Run a small-scale demo to verify the installation:

cd python/scripts
bash run_demo.sh

This will:

Load a small topology (20 fog nodes, 200 tasks)
Run MD-GWO for 50 iterations
Compare against 3 baselines
Print results and generate results/demo_output.json

Expected runtime: ~30 seconds on a modern laptop.

Full Experimental Suite

Reproduce all paper results:

cd python/scripts
bash run_all.sh

This master script will:

Run experiments on Alibaba 2018 trace (1000, 2000, 3000 tasks, 20-100 nodes)
Run experiments on Google 2011 trace (same scales)
Run healthcare scenario (iFogSim)
Generate all figures and tables
Output to results/figures/ and results/tables/

Expected runtime: ~2-4 hours (parallelizable across 8+ cores).

Configuration

All parameters are configured via YAML files in configs/:

topology.yaml: Fog node counts, CPU/memory specs, failure rates, network latencies
workload.yaml: Task arrival rates, criticality distribution, deadlines
algorithm.yaml: MD-GWO population size, iterations, weights (β₁, β₂)
evaluation.yaml: Metrics to track, baseline selections, plot styles

Running Individual Experiments

# Demo with healthcare scenario
python python/scripts/cli.py --mode demo --scenario healthcare --nodes 20 --tasks 200

# Full run on Alibaba trace
python python/scripts/cli.py --mode full --trace alibaba --nodes 100 --tasks 3000 --seed 42

# Ablation study (vary population size)
python python/scripts/cli.py --mode ablation --param population --values "50,100,150,200"

# Generate plots only
python python/scripts/generate_plots.py --results-dir data/outputs

Implementation Details

1. System Model (models/system_model.py)

Components:

Fog Layer: $N_{\text{fog}}$ heterogeneous nodes with CPU (MIPS), memory (MB), bandwidth (Mbps)
Cloud Layer: 1-2 centralized data centers with virtually unlimited resources
IoT Layer: Task generators with Poisson arrival process
Network: Latency $L_{xy}$, bandwidth $BW_{xy}$ for any pair $(x,y)$

Task Model:

Workload $W_j$ (million instructions)
Input/output data sizes $D_{j,\text{in}}, D_{j,\text{out}}$ (MB)
Memory requirement $Mem_j$ (MB)
Deadline $Deadline_j$ (seconds)
Criticality flag $Criticality_j \in {0,1}$

Reliability Model (exponential failure):

Node $F_i$ failure rate: $\lambda_i$ (failures/hour)
Task success probability with replication: $P_{\text{succ}}(T_j) = 1 - \prod_{k=1}^{r_j} P_{\text{fail}}(T_j|F_{i_k})$ (Eq. 6 in paper)
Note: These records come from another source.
(* Let $J$ be a lex-segment ideal in $R=k[x_1,x_2,x_3]$ with $\dim_k (R/J)_i=h_i$ for every $i\ge 0$. Then for every $i\ge0$, $$\dim_k\left((J:x_3)/J\right)_{i}=h_{i}-h_{i+1}+(h_{i+1})^{-}.$$
   Context: A lex-segment ideal $J$ is a monomial ideal such that for each degree $t$, $J_t$ is spanned by the $\dim_k J_t$ largest monomials of degree $t$ in the lexicographic order with $x_1>x_2>x_3$. For positive integers $h,i$ write uniquely $h=\binom{m_i}{i}+\binom{m_{i-1}}{i-1}+\cdots+\binom{m_j}{j}$ with $m_i>\cdots>m_j\ge j\ge1$, and set $(h)^-=\binom{m_i-1}{i}+\cdots+\binom{m_j-1}{j}$; $(h_{i+1})^-$ is computed with respect to $i+1$, and $(0)^-=0$. *)

From mathcomp Require Import all_boot all_order all_algebra.
Set Implicit Arguments. Unset Strict Implicit. Unset Printing Implicit Defensive.

(* A monomial x1^a x2^b x3^c of k[x1,x2,x3] is its exponent triple (a,b,c). *)
Definition mon := (nat * nat * nat)%type.
Definition e1 (m : mon) : nat := m.1.1.
Definition e2 (m : mon) : nat := m.1.2.
Definition e3 (m : mon) : nat := m.2.
Definition mdeg (m : mon) : nat := e1 m + e2 m + e3 m.

Definition mulx1 (m : mon) : mon := ((e1 m).+1, e2 m, e3 m).
Definition mulx2 (m : mon) : mon := (e1 m, (e2 m).+1, e3 m).
Definition mulx3 (m : mon) : mon := (e1 m, e2 m, (e3 m).+1).

(* All monomials of degree t (each exactly once): a k-basis of R_t. *)
Definition mons (t : nat) : seq mon :=
  [seq (a, b, t - a - b) | a <- iota 0 t.+1, b <- iota 0 (t - a).+1].

Definition lex_gt (m m' : mon) : bool :=
  (e1 m > e1 m') ||
  ((e1 m == e1 m') && ((e2 m > e2 m') || ((e2 m == e2 m') && (e3 m > e3 m')))).

(* A monomial ideal J is given by the set of monomials it contains;
   it is closed under multiplication by the variables. *)
Definition monomial_ideal (J : pred mon) : Prop :=
  forall m, J m -> [/\ J (mulx1 m), J (mulx2 m) & J (mulx3 m)].

Definition lex_segment_ideal (J : pred mon) : Prop :=
  monomial_ideal J /\
  forall m m', mdeg m = mdeg m' -> lex_gt m' m -> J m -> J m'.

Definition quot_dim (J : pred mon) (t : nat) : nat :=
  count (fun m => ~~ J m) (mons t).

(* dim_k ((J : x3)/J)_t: monomials u of degree t with x3 u in J, u notin J. *)
Definition colon_quot_dim (J : pred mon) (t : nat) : nat :=
  count (fun m => J (mulx3 m) && ~~ J m) (mons t).

Fixpoint max_below (P : pred nat) (n : nat) : nat :=
  match n with
  | 0 => 0
  | n'.+1 => if P n' then n' else max_below P n'
  end.

(* (h)^- with respect to i, via the (greedy) Macaulay representation
   h = C(m_i,i) + C(m_{i-1},i-1) + ... + C(m_j,j), m_i > ... > m_j >= j >= 1:
   m_i is the largest m with C(m,i) <= h. (0)^- = 0. *)
Fixpoint mac_minus (i h : nat) : nat :=
  match i with
  | 0 => 0
  | i'.+1 =>
      if h == 0 then 0 else
      let m := max_below (fun m => 'C(m, i) <= h) (h + i + 1) in
      'C(m.-1, i) + mac_minus i' (h - 'C(m, i))
  end.

Example mm1 : mac_minus 1 5 = 4. Proof. by vm_compute. Qed.
Example mm2 : mac_minus 2 5 = 2. Proof. by vm_compute. Qed. (* 5 = C(3,2)+C(2,1) -> C(2,2)+C(1,1)=2 *)
Example mm3 : mac_minus 3 7 = 2. Proof. by vm_compute. Qed. (* 7 = C(4,3)+C(3,2) -> C(3,3)+C(2,2) *)
Example mons2 : size (mons 2) = 6. Proof. by []. Qed.

From mathcomp Require Import all_boot all_order all_algebra.
From mathcomp Require Import zify.

Set Implicit Arguments.
Unset Strict Implicit.
Unset Printing Implicit Defensive.

(* In degree d the monomials outside a lex-segment ideal J are exactly those
   lex-smaller than x1^k x2^r x3^(d-k-r), for some k <= d+1 and r <= d-k.  Hence
   h_d = sum_(a<k) (d+1-a) + r = sum_(j<k) C(d+1-j, d-j) + sum_(j<r) C(d-k-j, d-k-j),
   which is the Macaulay representation of h_d (for k = d+1 it is the single term
   C(d+2, d)), so (h_d)^- = k.  Multiplication by
   x3 identifies R_(d-1) with the monomials of degree d divisible by x3; the
   monomials of degree d outside J not divisible by x3 are x1^a x2^(d-a) for a < k.
   So exactly h_d - k monomials u of degree d-1 satisfy x3 u \notin J, and the
   other h_(d-1) - (h_d - k) monomials outside J span ((J : x3)/J)_(d-1). *)

Definition lex_below (k r : nat) : pred mon :=
  fun m => (e1 m < k) || (e1 m == k) && (e2 m < r).

Definition stair (d k : nat) : nat := \sum_(0 <= a < k) (d.+1 - a).

Lemma upward_threshold (P : pred nat) n :
  (forall a a', a <= a' < n -> P a -> P a') ->
  exists2 k, k <= n & forall a, a < n -> P a = (k <= a).
Proof.
move=> Pup; pose k := find P (iota 0 n).
have kn : k <= n by rewrite -[n in _ <= n](size_iota 0) find_size.
exists k => // a an; have [ak|ka] := ltnP a k.
  by have := before_find 0 ak; rewrite nth_iota ?add0n // => ->.
have Pk : P k.
  have /(nth_find 0) : has P (iota 0 n) by rewrite has_find size_iota; lia.
  by rewrite nth_iota ?add0n //; lia.
by apply: Pup Pk; rewrite ka.
Qed.

Section LexSegment.

Variable J : pred mon.
Hypothesis hJ : lex_segment_ideal J.

Lemma lex_segment_le m m' : mdeg m = mdeg m' ->
  (e1 m < e1 m') || (e1 m == e1 m') && (e2 m <= e2 m') -> J m -> J m'.
Proof.
case: m m' => [[a b] c] [[a' b'] c']; rewrite /mdeg /e1 /e2 /e3 /= => deg le Jm.
have [/andP[/eqP ea /eqP eb]|neq] := boolP ((a == a') && (b == b')).
  by rewrite -ea -eb (_ : c' = c) //; lia.
apply: hJ.2 Jm => //; rewrite /lex_gt /e1 /e2 /e3 /=; lia.
Qed.

Lemma lex_segment_staircase d : exists k r, [/\ k <= d.+1, r <= d - k &
  forall m, mdeg m = d -> ~~ J m = lex_below k r m].
Proof.
have [a a' aa'|k kd Jtop] := @upward_threshold (fun a => J (a, d - a, 0)) d.+1.
  by apply: lex_segment_le; rewrite /mdeg /e1 /e2 /=; lia.
have below_top a b c : a + b + c = d -> a < k -> ~~ J (a, b, c).
  move=> deg ak; apply: contraTN ak => Jm; rewrite -leqNgt -Jtop; last lia.
  by apply: lex_segment_le Jm; rewrite /mdeg /e1 /e2 /=; lia.
have [kd1|kd1] := eqVneq k d.+1.
  exists k, 0; split=> [||[[a b] c]]; rewrite ?kd1 // /mdeg /lex_below /e1 /e2 /e3 /= => deg.
  have ad : a < d.+1 by lia.
  by rewrite ltn0 andbF orbF ad below_top ?kd1.
have Jk : J (k, d - k, 0) by rewrite Jtop; lia.
have [b b' bb'|r rd Jmid] :=
  @upward_threshold (fun b => J (k, b, d - k - b)) (d - k).+1.
  by apply: lex_segment_le; rewrite /mdeg /e1 /e2 /=; lia.
have rdk : r <= d - k by rewrite -Jmid ?subnn.
exists k, r; split=> [||[[a b] c]]; rewrite // /mdeg /lex_below /e1 /e2 /e3 /= => deg.
have [ak|ka] := ltnP a k; first by rewrite below_top.
have [eak|nak] := eqVneq a k.
  subst a; rewrite /=.
  have -> : c = d - k - b by lia.
  by rewrite ltnNge -Jmid //; lia.
by rewrite /= (@lex_segment_le (k, d - k, 0)) // /mdeg /e1 /e2 /=; lia.
Qed.

End LexSegment.

Lemma mem_mons m t : (m \in mons t) = (mdeg m == t).
Proof.
case: m => [[a b] c]; rewrite /mdeg /e1 /e2 /e3 /=.
apply/allpairsPdep/eqP => [[a' [b' [a't b't [-> -> ->]]]]|deg].
  by move: a't b't; rewrite !mem_iota; lia.
have ct : c = t - a - b by lia.
by exists a, b; rewrite !mem_iota ct; split => //; lia.
Qed.

Lemma count_mons (P : pred mon) t : count P (mons t) =
  \sum_(0 <= a < t.+1) count (fun b => P (a, b, t - a - b)) (iota 0 (t - a).+1).
Proof.
by rewrite count_flatten sumnE !big_map /index_iota subn0; under eq_bigr do rewrite count_map.
Qed.

Lemma count_monsS (P : pred mon) t : count P (mons t.+1) =
  count (P \o mulx3) (mons t) + \sum_(0 <= a < t.+2) P (a, t.+1 - a, 0).
Proof.
rewrite !count_mons big_nat_recr // [\sum_(0 <= a < t.+2) _]big_nat_recr // addnA -big_split.
apply: (congr2 addn); last by rewrite subnn /= addn0.
apply: eq_big_nat => a /andP[_ at1].
rewrite subSn // -[(t - a).+2]addn1 iotaD count_cat.
apply: (congr2 addn); last by rewrite /= add0n subnn addn0.
apply: eq_in_count => b; rewrite mem_iota => /andP[_ bta].
by rewrite /mulx3 /e1 /e2 /e3 /= (_ : (t - a).+1 - b = (t - a - b).+1) //; lia.
Qed.

Lemma count_ltn_iota r n : r <= n -> count (fun b => b < r) (iota 0 n) = r.
Proof. by move=> rn; rewrite -size_filter (filter_iota_ltn 0 rn) size_iota. Qed.

Lemma sum_ltn_nat k n : k <= n -> \sum_(0 <= a < n) (a < k) = k.
Proof.
move=> kn; rewrite -[RHS](count_ltn_iota kn) -sum1_count [RHS]big_mkcond.
by rewrite /index_iota subn0; apply: eq_bigr => a _; case: (a < k).
Qed.

Lemma count_lex_below d k r : k <= d.+1 -> r <= d - k ->
  count (lex_below k r) (mons d) = stair d k + r.
Proof.
move=> kd rd; rewrite count_mons (big_cat_nat (leq0n k) kd).
apply: (congr2 addn).
  apply: eq_big_nat => a /andP[_ ak].
  rewrite (@eq_count _ _ predT) => [|b]; last by rewrite /lex_below /= ak.
  by rewrite count_predT size_iota; lia.
have [kd1|ltkd] := eqVneq k d.+1; first by rewrite kd1 big_geq //; lia.
rewrite big_ltn ?ltn_neqAle ?ltkd // big_nat_cond big1 => [|a /andP[/andP[ka _] _]].
  rewrite -[RHS]addn0; apply: (congr2 addn) => //.
  rewrite -[RHS](@count_ltn_iota r (d - k).+1) 1?ltnW //.
  by apply: eq_count => b; rewrite /lex_below /= ltnn eqxx.
rewrite (@eq_count _ _ pred0) ?count_pred0 // => b.
by rewrite /lex_below /= ltnNge (ltnW ka) gtn_eqF.
Qed.

Lemma count_lex_belowS d k r : k <= d.+2 -> r <= d.+1 - k ->
  count (lex_below k r) (mons d.+1) = count (lex_below k r) (mons d) + k.
Proof.
move=> kd rd; rewrite count_monsS; congr (_ + _).
rewrite -[RHS](sum_ltn_nat kd); apply: eq_big_nat => a _.
by rewrite /lex_below /e1 /e2 /=; case: eqP => [->|_]; rewrite ?orbF // ltnn ltnNge rd.
Qed.

Lemma count_notin_split (J : pred mon) s : (forall m, J m -> J (mulx3 m)) ->
  count (fun m => ~~ J m) s =
  count (fun m => J (mulx3 m) && ~~ J m) s + count (fun m => ~~ J (mulx3 m)) s.
Proof.
move=> Jx3; elim: s => //= m s ->; move: (Jx3 m).
by case: (J m) (J (mulx3 m)) => [] [] /= x3; [lia | have := x3 isT | lia | lia].
Qed.

Lemma stair0 d : stair d 0 = 0.
Proof. by rewrite /stair big_geq. Qed.

Lemma stairSS d k : stair d.+1 k.+1 = d.+2 + stair d k.
Proof. by rewrite /stair big_nat_recl // subn0. Qed.

Lemma stairS d k : stair d k.+1 = stair d k + (d.+1 - k).
Proof. by rewrite /stair big_nat_recr. Qed.

Lemma leq_stair d k k' : k <= k' -> stair d k <= stair d k'.
Proof. by move=> kk'; rewrite /stair (big_cat_nat (leq0n k) kk') leq_addr. Qed.

Lemma stair_full d : stair d d.+1 = 'C(d.+2, d).
Proof.
elim: d => [|d IH]; first by rewrite stairS stair0.
by rewrite stairSS IH binS binSn addnC.
Qed.

Lemma max_below_eq (P : pred nat) n m :
  m < n -> P m -> (forall m', m < m' < n -> ~~ P m') -> max_below P n = m.
Proof.
elim: n => [//|n IH] mn Pm above /=.
have [<-|nm] := eqVneq m n; first by rewrite Pm.
have mn' : m < n by rewrite ltn_neqAle nm -ltnS.
rewrite (negbTE (above n _)); last by rewrite mn' ltnSn.
apply: IH => // m' /andP[mm' m'n].
by apply: above; rewrite mm' ltnW.
Qed.

Lemma mac_minusS i h m : 0 < h -> m < h + i.+2 ->
  'C(m, i.+1) <= h < 'C(m.+1, i.+1) ->
  mac_minus i.+1 h = 'C(m.-1, i.+1) + mac_minus i (h - 'C(m, i.+1)).
Proof.
move=> h0 mh /andP[lo hi]; rewrite /= (negbTE (lt0n_neq0 h0)) (@max_below_eq _ _ m) //.
  by rewrite addn1 -addnS.
by move=> m' /andP[mm' _]; rewrite -ltnNge (leq_trans hi) ?leq_bin2l.
Qed.

Lemma mac_minus_small d h : h <= d -> mac_minus d h = 0.
Proof.
elim: d h => [|d IH] [|h] // hd.
by rewrite (@mac_minusS d h.+1 d.+1) ?binn ?binSn ?(bin_small (ltnSn d)) ?IH ?subn1 //; lia.
Qed.

Lemma mac_minus_stair_full d : mac_minus d.+1 (stair d.+1 d.+2) = d.+2.
Proof.
have C3 : 'C(d.+3, d.+1) = 'C(d.+2, d) + d.+2 by rewrite binS binSn addnC.
have C4 : 'C(d.+4, d.+1) = 'C(d.+3, d) + 'C(d.+3, d.+1) by rewrite binS addnC.
have C2pos : 0 < 'C(d.+2, d) by rewrite bin_gt0; lia.
have C3pos : 0 < 'C(d.+3, d) by rewrite bin_gt0; lia.
by rewrite stair_full (@mac_minusS d _ d.+3) ?binSn ?subnn ?mac_minus_small ?addn0 //; lia.
Qed.

Lemma mac_minus_stairS d k r : k <= d -> r <= d - k ->
  mac_minus d.+1 (stair d.+1 k.+1 + r) = (mac_minus d (stair d k + r)).+1.
Proof.
move=> kd rd; have first_block : d.+2 <= stair d.+1 k.+1 by rewrite stairSS leq_addr.
have below_full : stair d.+1 k.+1 + r < stair d.+1 d.+2.
  by apply: leq_trans (leq_stair _ (_ : k.+2 <= d.+2)) => //; rewrite (stairS d.+1 k.+1); lia.
rewrite (@mac_minusS d _ d.+2) ?binn ?binSn -?stair_full; try lia.
by rewrite stairSS -addnA addKn.
Qed.

Lemma mac_minus_stair d k r : k <= d.+2 -> r <= d.+1 - k ->
  mac_minus d.+1 (stair d.+1 k + r) = k.
Proof.
elim: d k r => [|d IH] [|k] r kd rd; try by rewrite stair0 mac_minus_small.
  case: k kd rd => [|[|//]] kd rd; first exact: mac_minus_stairS.
  by rewrite (_ : r = 0) ?addn0 ?mac_minus_stair_full //; lia.
have [kd2|ltkd] := eqVneq k d.+2.
  by rewrite kd2 (_ : r = 0) ?addn0 ?mac_minus_stair_full //; lia.
by rewrite mac_minus_stairS ?IH //; lia.
Qed.

Theorem lemma4p2 (J : pred mon) (h : nat -> nat)
  (hJ : lex_segment_ideal J) (hh : forall i, quot_dim J i = h i) :
  forall i : nat,
    (Posz (colon_quot_dim J i) =
      Posz (h i) - Posz (h i.+1) + Posz (mac_minus i.+1 (h i.+1)))%R.
Proof.
move=> i; have [k [r [kd rd notinJ]]] := lex_segment_staircase hJ i.+1.
have h_next : h i.+1 = count (lex_below k r) (mons i.+1).
  by rewrite -hh; apply: eq_in_count => m; rewrite mem_mons => /eqP /notinJ.
have h_cur : h i = colon_quot_dim J i + count (lex_below k r) (mons i).
  have Jx3 m : J m -> J (mulx3 m) by case/(hJ.1 m).
  rewrite -hh /quot_dim (count_notin_split _ Jx3); congr (_ + _).
  apply: eq_in_count => m; rewrite mem_mons => /eqP deg.
  by rewrite /= notinJ // /mdeg /mulx3 /e1 /e2 /e3 /= -deg /mdeg addnS.
have mac_next : mac_minus i.+1 (h i.+1) = k.
  by rewrite h_next count_lex_below // mac_minus_stair.
rewrite mac_next h_cur h_next count_lex_belowS // !PoszD; lia.
Qed.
Energy Model (DVFS-aware):

Active power: $P(f) = \alpha f^3 + \beta f + \gamma$ (cubic frequency dependence, Eq. 4)
Compute energy: $E_{\text{comp}} = P(f) \cdot T_{\text{exec}}$ (Eq. 5)
Communication energy: $E_{\text{comm}} = P_{\text{tx}} \cdot T_{\text{trans}} + P_{\text{rx}} \cdot T_{\text{trans}}$ (Eq. 8)

2. Objectives & Constraints (models/objectives.py, models/constraints.py)

Multi-Objective Formulation:

Minimize: E_total = Σⱼ Σᵢ xⱼᵢ (E_comp + E_comm)        (Eq. 9)
Maximize: R_system = (1/N_task) Σⱼ P_succ(T_j)        (Eq. 11)

Subject to:
- CPU:     Σⱼ xⱼᵢ Wⱼ/Δt ≤ CPU_i   ∀i                 (Eq. 12-14)
- Memory:  Σⱼ xⱼᵢ Mem_j ≤ MEM_i   ∀i
- Replication: Σᵢ xⱼᵢ = r_j       ∀j (r_j ≤ r_max=3)
- Deadline: T^end_j ≤ Deadline_j   ∀j
- Reliability: P_succ(T_j) ≥ R_min (if Criticality_j=1)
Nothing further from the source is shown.